For simplicity, we don’t assume any other missing covariates for now. In order to introduce an MNAR(value) mechanism for the age_num covariate, we:

  • Determine a missingess pattern, in which only age_num will be set to missing
  • Create a weight vector, in which only age_num itself (by a non-zero value) is the linear predictor for the probability of observations becoming missing
  • Specify a type of logistic probability distribution for the missingness weights, so that patients with low weighted sum scores (i.e., younger age_num) will have a larger probability of becoming incomplete
  • Define an overall missingness proportion of ~40%
# load complete dataset
smdi_data_complete <- smdi_data_complete %>% 
  dummy_columns(
    select_columns = "ses_cat",
    remove_most_frequent_dummy = TRUE,
    remove_selected_columns = TRUE
    )

# determine missingness pattern
age_col <- which(colnames(smdi_data_complete)=="age_num")
miss_pattern <- rep(1, ncol(smdi_data_complete))
miss_pattern_age <- replace(miss_pattern, age_col, 0)

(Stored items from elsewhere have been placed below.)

Lemma pmulD q r s : pmul (q + r) s = sadd (pmul q s) (pmul r s).
Proof.
apply: functional_extensionality => k; rewrite /sadd.
set N := maxn (size q) (size r).
have hq : (size q <= N)%N by rewrite leq_maxl.
have hr : (size r <= N)%N by rewrite leq_maxr.
have hqr : (size (q + r)%R <= N)%N.
  by apply: leq_trans (size_polyD _ _) _; rewrite geq_max hq hr.
rewrite (pmulE _ _ hq) (pmulE _ _ hr) (pmulE _ _ hqr) -big_split /=.
by apply: eq_bigr => i _; rewrite coefD mulrDl.
Qed.

Lemma pmulZ c q s : pmul (c *: q) s = sscale c (pmul q s).
Proof.
apply: functional_extensionality => k; rewrite /sscale.
rewrite (pmulE _ _ (size_scale_leq c q)) /pmul big_distrr /=.
by apply: eq_bigr => i _; rewrite coefZ mulrA.
Qed.

Lemma pmulN q s : pmul (- q) s = sscale (-1) (pmul q s).
Proof. by rewrite -scaleN1r pmulZ. Qed.

Lemma pmul_polyC c s : pmul c%:P s = sscale c s.
Proof.
apply: functional_extensionality => k; rewrite /sscale (pmulE _ _ (size_polyC_leq1 c)).
by rewrite big_ord1 coefC /= subr0.
Qed.

Lemma pmulMX q s k : pmul (q * 'X) s k = pmul q s (k - 1).
Proof.
have hs : (size (q * 'X)%R <= (size q).+1)%N.
  by rewrite (leq_trans (size_polyMleq _ _)) // size_polyX addn2.
rewrite (pmulE _ _ hs) big_ord_recl coefMX /= mul0r add0r /pmul.
apply: eq_bigr => i _; rewrite coefMX /= /bump /=; congr (_ * s _); lia.
Qed.

Lemma pmulA q r s : pmul (q * r) s = pmul q (pmul r s).
Proof.
elim/poly_ind: q => [|q c IH]; first by rewrite mul0r !pmul0.
apply: functional_extensionality => k.
rewrite mulrDl mulrAC mul_polyC pmulD pmulZ /sadd /sscale pmulMX IH.
by rewrite pmulD /sadd pmulMX pmul_polyC.
Qed.

Lemma pmul_XnM j q s k : pmul ('X^j * q) s k = pmul q s (k - j%:Z).
Proof.
elim: j k => [|j IH] k; first by rewrite expr0 mul1r subr0.
rewrite exprSr mulrAC pmulMX IH; congr (pmul _ _ _); lia.
Qed.
(* Let $f(x)$ be a complex-valued function of a real variable defined to the right of $0$, and let $g(x)=f(1/\log x)$, defined in a neighbourhood of $\infty$ (equivalently, let $g$ be any complex-valued function defined in a neighbourhood of $\infty$ and $f(x)=g(e^{1/x})$ for $x>0$ small). Let $a_n\in\mathbb C$ for $n\ge0$, let $N$ be a positive integer, and let $L(x)$ be any function with $L(x)=\log x+o\big((\log x)^{-(N-2)}\big)$ $(x\to\infty)$. Then the following asymptotic expansions (each with terms $n=0,\dots,N$, i.e. of order $N+1$) are equivalent: (1) $f(x)\sim\sum_{n=0}^N a_nx^n$ $(x\to0^+)$; (2) $f(1/x)=g(e^x)\sim\sum_{n=0}^N\frac{a_n}{x^n}$ $(x\to\infty)$; (3) $g(x)\sim\sum_{n=0}^N\frac{a_n}{L(x)^n}$ $(x\to\infty)$; (4) $g(x)\sim\sum_{n=0}^N\frac{a_n}{(\log x)^n}$ $(x\to\infty)$; (5) $g(x)\sim\sum_{n=0}^N\frac{a_n}{(H_x-\gamma)^n}$ $(x\to\infty)$; (6) $g(x)\sim\sum_{n=0}^N\frac{a_n}{\Psi(x)^n}$ $(x\to\infty)$.
   Context: $\gamma$ is the Euler–Mascheroni constant, $\Psi=\Gamma'/\Gamma$ is the digamma function, and $H_x=\Psi(x+1)+\gamma=\int_0^1\frac{1-t^x}{1-t}dt$ for real $x>0$ (interpolating the harmonic numbers). An asymptotic expansion $h\sim\sum_{n=0}^N a_n\varphi_n$ of order $N+1$ with respect to an asymptotic sequence $\{\varphi_n\}$ (i.e. $\varphi_{n+1}=o(\varphi_n)$) means $h-\sum_{k=0}^n a_k\varphi_k=o(\varphi_n)$ for all $n\le N$ (equivalently for $n=N$). *)

From Stdlib Require Import Reals.
From Coquelicot Require Import Coquelicot.
Open Scope R_scope.

Definition asymp_expansion (F : (R -> Prop) -> Prop) (h : R -> C)
  (a : nat -> C) (phi : nat -> R -> R) (N : nat) : Prop :=
  forall n : nat, (n <= N)%nat ->
  forall eps : R, 0 < eps ->
  F (fun x => Cmod (Cminus (h x)
        (sum_n (fun k => Cmult (a k) (RtoC (phi k x))) n))
      <= eps * Rabs (phi n x)).

Definition little_o_R (F : (R -> Prop) -> Prop) (u v : R -> R) : Prop :=
  forall eps : R, 0 < eps -> F (fun x => Rabs (u x) <= eps * Rabs (v x)).

Definition euler_gamma : R :=
  real (Lim_seq (fun n : nat =>
    sum_n (fun k : nat => / INR (S k)) (pred n) - ln (INR n))).

Definition Hx (x : R) : R :=
  RInt (fun t => (1 - Rpower t x) / (1 - t)) 0 1.

(* Digamma function via the identity H_x = Psi(x+1) + gamma,
   i.e. Psi(x) = H_(x-1) - gamma (valid for x > 1). *)
Definition Psi (x : R) : R := Hx (x - 1) - euler_gamma.

(* The changes of variable x |-> 1/x and t |-> exp (1/t) carry expansions term by
   term, which gives (1) <-> (2) <-> (4).  The remaining equivalences rest on one
   comparison principle: if l >= 1 and (L - l) l^(N-2) -> 0, then l/2 <= L <= 2 l
   eventually and, since |L^k - l^k| <= k |L - l| (2 l)^(k-1), we get
   1/l^k - 1/L^k = o(1/l^n) for k <= n <= N; hence expansions in the scales 1/l^n and
   1/L^n are equivalent.  It is applied with l = log x and L the given function, or
   L = H_x - gamma, or L = Psi(x).  For the last two, H is nondecreasing, equals the
   harmonic numbers at integers, and H_n - log(n+1) <= gamma <= H_n - log n; this
   sandwiches H_y - gamma within 4/x of log x for x - 1 <= y <= x, while (log x)^N = o(x). *)

From Stdlib Require Import Reals Lra Lia Psatz Factorial.
From Coquelicot Require Import Coquelicot.
Open Scope R_scope.

(** * Asymptotic expansions under change of variable and of scale *)

Definition bigO_R (F : (R -> Prop) -> Prop) (u v : R -> R) : Prop :=
  exists C, 0 <= C /\ F (fun x => Rabs (u x) <= C * Rabs (v x)).

Lemma filter_forall_le {T : Type} (F : (T -> Prop) -> Prop) {FF : Filter F}
    (P : nat -> T -> Prop) (n : nat) :
  (forall k, (k <= n)%nat -> F (P k)) ->
  F (fun x => forall k, (k <= n)%nat -> P k x).
Proof.
  induction n as [|n IH]; intros HP.
  - apply (filter_imp (P 0%nat)); [|apply HP; lia].
    intros x Hx k Hk. replace k with 0%nat by lia. exact Hx.
  - apply (filter_imp (fun x => (forall k, (k <= n)%nat -> P k x) /\ P (S n) x)).
    + intros x [Hle HS] k Hk.
      destruct (Nat.eq_dec k (S n)) as [->|Hne]; [exact HS|apply Hle; lia].
    + apply filter_and; [apply IH; auto|apply HP; lia].
Qed.
(* There exist finite-dimensional real representations $V$ and $U$ of $SL(2,\mathbb{R})$, an $SL(2,\mathbb{R})$-invariant subset $D\subseteq V$, a continuous $SL(2,\mathbb{R})$-equivariant function $F:D\to U$, and a compact subset $K\subseteq D$ such that there is no sequence of functions of the form $h_k\cdot P_k$, with $P_k:V\to U$ an $SL(2,\mathbb{R})$-equivariant polynomial map and $h_k:D\to\mathbb{R}$ an $SL(2,\mathbb{R})$-invariant function, that converges pointwise to $F$ on $K$.
   Context: A map $F$ between sets on which $SL(2,\mathbb{R})$ acts (linearly on representations) is equivariant if $F(g\cdot v)=g\cdot F(v)$ for all $g\in SL(2,\mathbb{R})$ and $v$ in its domain; a real-valued function $h$ is invariant if $h(g\cdot v)=h(v)$. *)

From mathcomp Require Import all_boot all_order all_algebra.
From mathcomp Require Import all_classical all_reals all_analysis.
Set Implicit Arguments. Unset Strict Implicit. Unset Printing Implicit Defensive.
Import Order.TTheory GRing.Theory Num.Theory.
Import numFieldNormedType.Exports.
Local Open Scope classical_set_scope.
Local Open Scope ring_scope.

Definition SL2 (R : realType) : set 'M[R]_2 := [set g | \det g = 1].

(* A finite-dimensional real representation of SL(2,R) on R^n (column
   vectors, g acts by v |-> rho g *m v): a continuous group homomorphism
   SL(2,R) -> GL_n(R). *)
Definition is_rep (R : realType) (n : nat) (rho : 'M[R]_2 -> 'M[R]_n) : Prop :=
  rho 1%:M = 1%:M /\
  (forall g h, SL2 g -> SL2 h -> rho (g *m h) = rho g *m rho h) /\
  {within @SL2 R, continuous rho}.

Inductive poly_fun (R : realType) (n : nat) : ('cV[R]_n -> R) -> Prop :=
| poly_const (c : R) : poly_fun (fun _ => c)
| poly_coord (i : 'I_n) : poly_fun (fun v => v i ord0)
| poly_add f g : poly_fun f -> poly_fun g -> poly_fun (fun v => f v + g v)
| poly_mul f g : poly_fun f -> poly_fun g -> poly_fun (fun v => f v * g v).

Definition poly_map (R : realType) (n m : nat) (P : 'cV[R]_n -> 'cV[R]_m) : Prop :=
  forall i : 'I_m, poly_fun (fun v => P v i ord0).

From mathcomp Require Import all_boot all_order all_algebra.
From mathcomp Require Import all_classical all_reals all_analysis.
From mathcomp Require Import mxtens ring.
Import Order.TTheory GRing.Theory Num.Theory.
Import numFieldNormedType.Exports.
Local Open Scope classical_set_scope.
Local Open Scope ring_scope.

(* Take V = U = R^2 (x) R^2 with g acting as g (x) g, D = {+-(u (x) u) | u <> 0},
   and let F be the identity on the sheet {u (x) u} and the invariant vector
   w = e0 (x) e1 - e1 (x) e0 on the sheet {-(u (x) u)}; the two sheets are
   separated by the sign of the trace x_00 + x_11, so F is continuous.
   Let K = {t0, -t0} with t0 = e0 (x) e0.  Equivariance of a polynomial P under
   diag(r, 1/r) gives P(l t0)_00 = l P(t0)_00 and P(l t0)_01 = P(t0)_01 for
   l > 0; both sides are polynomial in l, so this persists at l = -1.  Writing
   a = h_k(t0), b = h_k(-t0), x = P_k(t0)_00 and y = P_k(t0)_01, convergence to
   F on K would give a x -> 1, a y -> 0, b x -> 0 and b y -> 1, which is
   impossible since (a x)(b y) = (a y)(b x). *)

Section Limits.
Variable R : realType.

Lemma cvg_mx_entries {T} (F : set_system T) {FF : Filter F} m n
    (f : T -> 'M[R]_(m, n)) (M : 'M[R]_(m, n)) :
  (forall i j, (fun x => f x i j) @ F --> M i j) -> f @ F --> M.
Proof.
move=> fijM; apply/cvgrPdist_le => /= e e_gt0; near=> x.
rewrite /Num.Def.normr /= mx_normrE (bigmax_le _ (ltW e_gt0)) //= => ij _.
rewrite !mxE /=; move: ij; near: x; apply: filter_forall => /= ij.
exact: (cvgrPdist_le _ _).1 (fijM ij.1 ij.2) e e_gt0.
Unshelve. all: by end_near. Qed.

Lemma cvg_mx_entry {T} (F : set_system T) {FF : Filter F} m n
    (f : T -> 'M[R]_(m, n)) (M : 'M[R]_(m, n)) :
  f @ F --> M -> forall i j, (fun x => f x i j) @ F --> M i j.
Proof. by move=> fM i j; apply: cvg_comp fM (@coord_continuous R m n i j M). Qed.

Lemma continuous_mx_entries (T : topologicalType) m n (f : T -> 'M[R]_(m, n)) :
  (forall i j, continuous (fun x => f x i j)) -> continuous f.
Proof. by move=> fij x; apply: cvg_mx_entries => i j; apply: fij. Qed.

Lemma continuous_within_sign_if (T : topologicalType) (V : topologicalType)
    (D : set T) (s : T -> R) (f g : T -> V) :
  continuous s -> continuous f -> continuous g ->
  (forall x, D x -> s x != 0) ->
  {within D, continuous (fun x => if 0 < s x then f x else g x)}.
Proof.
move=> s_cont f_cont g_cont s_neq0; apply: continuous_in_subspaceT => x.
rewrite inE => /s_neq0; case: (ltgtP (s x) 0) => // sx _.
- have sN : \forall y \near x, s y < 0 := s_cont x _ (lt_nbhsl sx).
  rewrite /continuous_at ltNge ltW //=.
  have gE : {near x, g =1 (fun y => if 0 < s y then f y else g y)}.
    by near=> y; rewrite ltNge ltW //; near: y.
  exact: cvg_trans (near_eq_cvg gE) (g_cont x).
- have sP : \forall y \near x, 0 < s y := s_cont x _ (lt_nbhsr sx).
  rewrite /continuous_at sx.
  have fE : {near x, f =1 (fun y => if 0 < s y then f y else g y)}.
    by near=> y; rewrite ifT //; near: y.
  exact: cvg_trans (near_eq_cvg fE) (f_cont x).
Unshelve. all: by end_near. Qed.

Lemma cross_products_cvg_absurd (a b x y : nat -> R) :
  (fun k => a k * x k) @ \oo --> (1 : R) ->
  (fun k => b k * y k) @ \oo --> (1 : R) ->
  (fun k => a k * y k) @ \oo --> (0 : R) ->
  (fun k => b k * x k) @ \oo --> (0 : R) -> False.
Proof.
move=> ax1 by1 ay0 bx0.
have prod1 : (fun k => a k * x k * (b k * y k)) @ \oo --> (1 * 1 : R).
  exact: cvgM.
have prod0 : (fun k => a k * x k * (b k * y k)) @ \oo --> (0 * 0 : R).
  have -> : (fun k => a k * x k * (b k * y k)) =
            (fun k => a k * y k * (b k * x k)) by apply/funext => k; ring.
  exact: cvgM.
have := cvg_unique _ prod1 prod0.
move/(_ (@norm_hausdorff _ R^o) (fmap_proper_filter _ eventually_filter)).
by rewrite mulr1 mulr0 => /eqP; rewrite oner_eq0.
Qed.

End Limits.

Section PolynomialFunctions.
Variable R : realType.

Lemma poly_fun_on_line n (v : 'cV[R]_n) (f : 'cV[R]_n -> R) :
  poly_fun f -> exists p : {poly R}, forall l, f (l *: v) = p.[l].
Proof.
elim=> [c | i | f1 g1 _ [p fp] _ [q gq] | f1 g1 _ [p fp] _ [q gq]].
- by exists c%:P => l; rewrite hornerC.
- by exists ((v i 0)%:P * 'X) => l; rewrite !mxE hornerCM hornerX mulrC.
- by exists (p + q) => l; rewrite fp gq hornerD.
- by exists (p * q) => l; rewrite fp gq hornerM.
Qed.

Lemma poly_eq0_on_pos (p : {poly R}) : (forall l, 0 < l -> p.[l] = 0) -> p = 0.
Proof.
move=> p_pos0; apply/eqP; apply: contraT => p_neq0.
have := max_poly_roots p_neq0 (rs := mkseq (fun i => i.+1%:R) (size p)).
rewrite size_mkseq ltnn; apply.
  by apply/allP => _ /mapP [i _ ->]; apply/rootP/p_pos0/ltr0Sn.
by rewrite map_inj_uniq ?iota_uniq // => i j /eqP; rewrite eqr_nat eqSS => /eqP.
Qed.

Lemma poly_fun_affine_on_ray n (v : 'cV[R]_n) (f : 'cV[R]_n -> R) (a b : R) :
  poly_fun f -> (forall l, 0 < l -> f (l *: v) = a * l + b) -> f (- v) = b - a.
Proof.
move=> /(poly_fun_on_line _ v) [p fp] f_affine.
have p_affine : p = a%:P * 'X + b%:P.
  apply/eqP; rewrite -subr_eq0; apply/eqP/poly_eq0_on_pos => l l_gt0.
  by rewrite !hornerE -fp f_affine // subrr.
by rewrite -scaleN1r fp p_affine !hornerE; ring.
Qed.

End PolynomialFunctions.

Section TensorSquare.
Variable R : realType.

Lemma tensmx_cVE m n (u : 'cV[R]_m) (v : 'cV[R]_n) i j :
  (u *t v) (mxtens_index (i, j)) 0 = u i 0 * v j 0.
Proof.
rewrite [in LHS](_ : 0 = mxtens_index (0, 0) :> 'I_(1 * 1)) ?tensmxE //.
exact: val_inj.
Qed.

Lemma tensmx_mul_cV m n p q (A : 'M[R]_(m, n)) (B : 'M[R]_(p, q))
    (u : 'cV[R]_n) (v : 'cV[R]_q) :
  (A *t B) *m (u *t v) = (A *m u) *t (B *m v) :> 'cV_(m * p).
Proof. exact: (@tensmx_mul R m n p q 1 1). Qed.

Lemma tensmx_cVP n (x y : 'cV[R]_(n * n)) :
  (forall i j, x (mxtens_index (i, j)) 0 = y (mxtens_index (i, j)) 0) -> x = y.
Proof.
by move=> xy; apply/matrixP => k c; rewrite (ord1 c); case: (mxtens_indexP k).
Qed.

Lemma tensmx11 m n : (1%:M : 'M[R]_m) *t (1%:M : 'M[R]_n) = 1%:M.
Proof.
apply/matrixP => k l.
case: (mxtens_indexP k) => i j; case: (mxtens_indexP l) => i' j'.
rewrite tensmxE !mxE (inj_eq (can_inj (@mxtens_indexK _ _))) xpair_eqE.
by rewrite -natrM mulnb.
Qed.

Lemma tensmx_continuous m n : continuous (fun g : 'M[R]_(m, n) => g *t g).
Proof.
apply: continuous_mx_entries => k l.
case: (mxtens_indexP k) => i j; case: (mxtens_indexP l) => i' j'.
rewrite (_ : (fun g => _) = fun g : 'M[R]_(m, n) => g i i' * g j j'); last first.
  by apply/funext => g; rewrite tensmxE.
move=> g.
exact: cvgM (@coord_continuous R m n i i' g) (@coord_continuous R m n j j' g).
Qed.

Lemma tensmx_square_rep : is_rep (fun g : 'M[R]_2 => g *t g).
Proof.
split; first exact: tensmx11.
split; first by move=> g h _ _; rewrite tensmx_mul.
exact/continuous_subspaceT/tensmx_continuous.
Qed.

Lemma ord2_cases (i : 'I_2) : i = 0 \/ i = 1.
Proof. by case: i => [[|[|//]] ?]; [left | right]; apply: val_inj. Qed.

Definition e0 : 'cV[R]_2 := delta_mx 0 0.
Definition e1 : 'cV[R]_2 := delta_mx 1 0.

Lemma e0_neq0 : e0 != 0.
Proof. by apply/eqP => /matrixP /(_ 0 0) /eqP; rewrite !mxE oner_eq0. Qed.

Definition wedge : 'cV[R]_(2 * 2) := e0 *t e1 - e1 *t e0.

Lemma det_mx22 (g : 'M[R]_2) : \det g = g 0 0 * g 1 1 - g 0 1 * g 1 0.
Proof.
rewrite (expand_det_row _ 0) !big_ord_recl big_ord0 /cofactor !det_mx11 !mxE.
have -> : lift 0 0 = 1 :> 'I_2 by apply: val_inj.
have -> : lift 1 0 = 0 :> 'I_2 by apply: val_inj.
rewrite /= expr0 expr1; ring.
Qed.

Lemma tensmx_antisym2 (u v : 'cV[R]_2) :
  u *t v - v *t u = (u 0 0 * v 1 0 - u 1 0 * v 0 0) *: wedge.
Proof.
apply: tensmx_cVP => i j; rewrite !(tensmx_cVE, mxE).
by case: (ord2_cases i) => ->; case: (ord2_cases j) => ->; rewrite /=; ring.
Qed.

Lemma tensmx_square_wedge (g : 'M[R]_2) : (g *t g) *m wedge = \det g *: wedge.
Proof.
rewrite {1}/wedge mulmxBr !tensmx_mul_cV -!colE tensmx_antisym2 det_mx22 !mxE.
by congr (_ *: _); rewrite /=; ring.
Qed.

End TensorSquare.

Section Counterexample.
Variable R : realType.

Local Notation i00 := (@mxtens_index 2 2 (0, 0)).
Local Notation i01 := (@mxtens_index 2 2 (0, 1)).
Local Notation i11 := (@mxtens_index 2 2 (1, 1)).

Lemma SL2_unitmx (g : 'M[R]_2) : SL2 g -> g \in unitmx.
Proof. by rewrite /SL2 unitmxE => -> /=; exact: unitr1. Qed.

Lemma mulmx_unit_neq0 n (g : 'M[R]_n) (u : 'cV[R]_n) :
  g \in unitmx -> u != 0 -> g *m u != 0.
Proof.
move=> g_unit; apply: contra => /eqP gu0.
by rewrite -(mulKmx g_unit u) gu0 mulmx0.
Qed.

Definition signed_squares : set 'cV[R]_(2 * 2) :=
  [set x | exists2 u : 'cV[R]_2, u != 0 & x = u *t u \/ x = - (u *t u)].

Definition sq_trace (x : 'cV[R]_(2 * 2)) : R := x i00 0 + x i11 0.

Definition square_or_wedge (x : 'cV[R]_(2 * 2)) : 'cV[R]_(2 * 2) :=
  if 0 < sq_trace x then x else wedge R.

Lemma sq_traceN x : sq_trace (- x) = - sq_trace x.
Proof. by rewrite /sq_trace !mxE opprD. Qed.

Lemma sq_trace_continuous : continuous sq_trace.
Proof.
move=> x; rewrite /sq_trace.
exact: cvgD (@coord_continuous R _ _ i00 0 x) (@coord_continuous R _ _ i11 0 x).
Qed.

Lemma sq_trace_square_gt0 (u : 'cV[R]_2) : u != 0 -> 0 < sq_trace (u *t u).
Proof.
move=> u_neq0; rewrite /sq_trace !tensmx_cVE -!expr2.
rewrite lt_def addr_ge0 ?sqr_ge0 // andbT paddr_eq0 ?sqr_ge0 // !sqrf_eq0.
apply: contra u_neq0 => /andP[/eqP u0 /eqP u1]; apply/eqP/matrixP => i j.
by rewrite (ord1 j) mxE; case: (ord2_cases i) => ->.
Qed.

Lemma sq_trace_neq0 x : signed_squares x -> sq_trace x != 0.
Proof.
move=> [u u_neq0 [->|->]]; rewrite ?sq_traceN ?oppr_eq0 gt_eqF //;
  exact: sq_trace_square_gt0.
Qed.

Lemma signed_squares_invariant g v :
  SL2 g -> signed_squares v -> signed_squares ((g *t g) *m v).
Proof.
move=> /SL2_unitmx g_unit [u u_neq0 v_u]; exists (g *m u).
  exact: mulmx_unit_neq0.
by case: v_u => ->; [left | right]; rewrite ?mulmxN tensmx_mul_cV.
Qed.

Lemma square_or_wedge_continuous :
  {within signed_squares, continuous square_or_wedge}.
Proof.
apply: (@continuous_within_sign_if R _ _ _ sq_trace id (fun=> wedge R)).
- exact: sq_trace_continuous.
- by move=> x; exact: cvg_id.
- exact: cst_continuous.
- exact: sq_trace_neq0.
Qed.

# weights to compute missingness probability
# covariate itself is only predictor
miss_weights_mnar_v <- rep(0, ncol(smdi_data_complete))
miss_weights_mnar_v <- replace(miss_weights_mnar_v, age_col, 1)

miss_prop_age <- .55

set.seed(42)
smdi_data_mnar_v <- ampute(
  data = smdi_data_complete,
  prop = miss_prop_age,
  mech = "MNAR",
  patterns = miss_pattern_age,
  weights = miss_weights_mnar_v,
  bycases = TRUE,
  type = "LEFT"
  )$amp

Visual comparison

If we plot the direct comparison of age_num distributions between the original data and the data with complete cases after removing those who have a missing value following an MNAR(value) mechanism, we can observe the systematic difference in the two datasets.

# plot
bind_rows(
  smdi_data_complete %>% select(age_num) %>% mutate(dataset = "Complete"),
  smdi_data_mnar_v %>% select(age_num) %>% mutate(dataset = "MNAR(value)")
  ) %>% 
  ggplot(aes(x = dataset, y = age_num)) +
  geom_violin() +
  geom_boxplot(width = 0.3) +
  stat_summary(
    fun = "mean",
    geom = "pointrange",
    color = "red"
      ) +
  labs(
    y = "Age [years]",
    x = "Cohort"
  ) +
  theme_bw()

smdi diagnostics

Now let’s use smdi_diagnose to investigate the three group diagnostics from age_num. This may help characterize the underlying missingness mechanism.

smdi_diagnose(
  data = smdi_data_mnar_v,
  covar = "age_num",
  model = "cox",
  form_lhs = "Surv(eventtime, status)"
  ) %>% 
  smdi_style_gt()
Covariate ASMD (min/max)1 p Hotelling1 AUC2 beta univariate (95% CI)3 beta (95% CI)3
age_num 0.056 (0.004, 0.360) <.001 0.543 -0.41 (95% CI -0.50, -0.32) -0.40 (95% CI -0.49, -0.32)
p little: <.001, Abbreviations: ASMD = Median absolute standardized mean difference across all covariates, AUC = Area under the curve, beta = beta coefficient, CI = Confidence interval, max = Maximum, min = Minimum
1 Group 1 diagnostic: Differences in patient characteristics between patients with and without covariate
2 Group 2 diagnostic: Ability to predict missingness
3 Group 3 diagnostic: Assessment if missingness is associated with the outcome (univariate, adjusted)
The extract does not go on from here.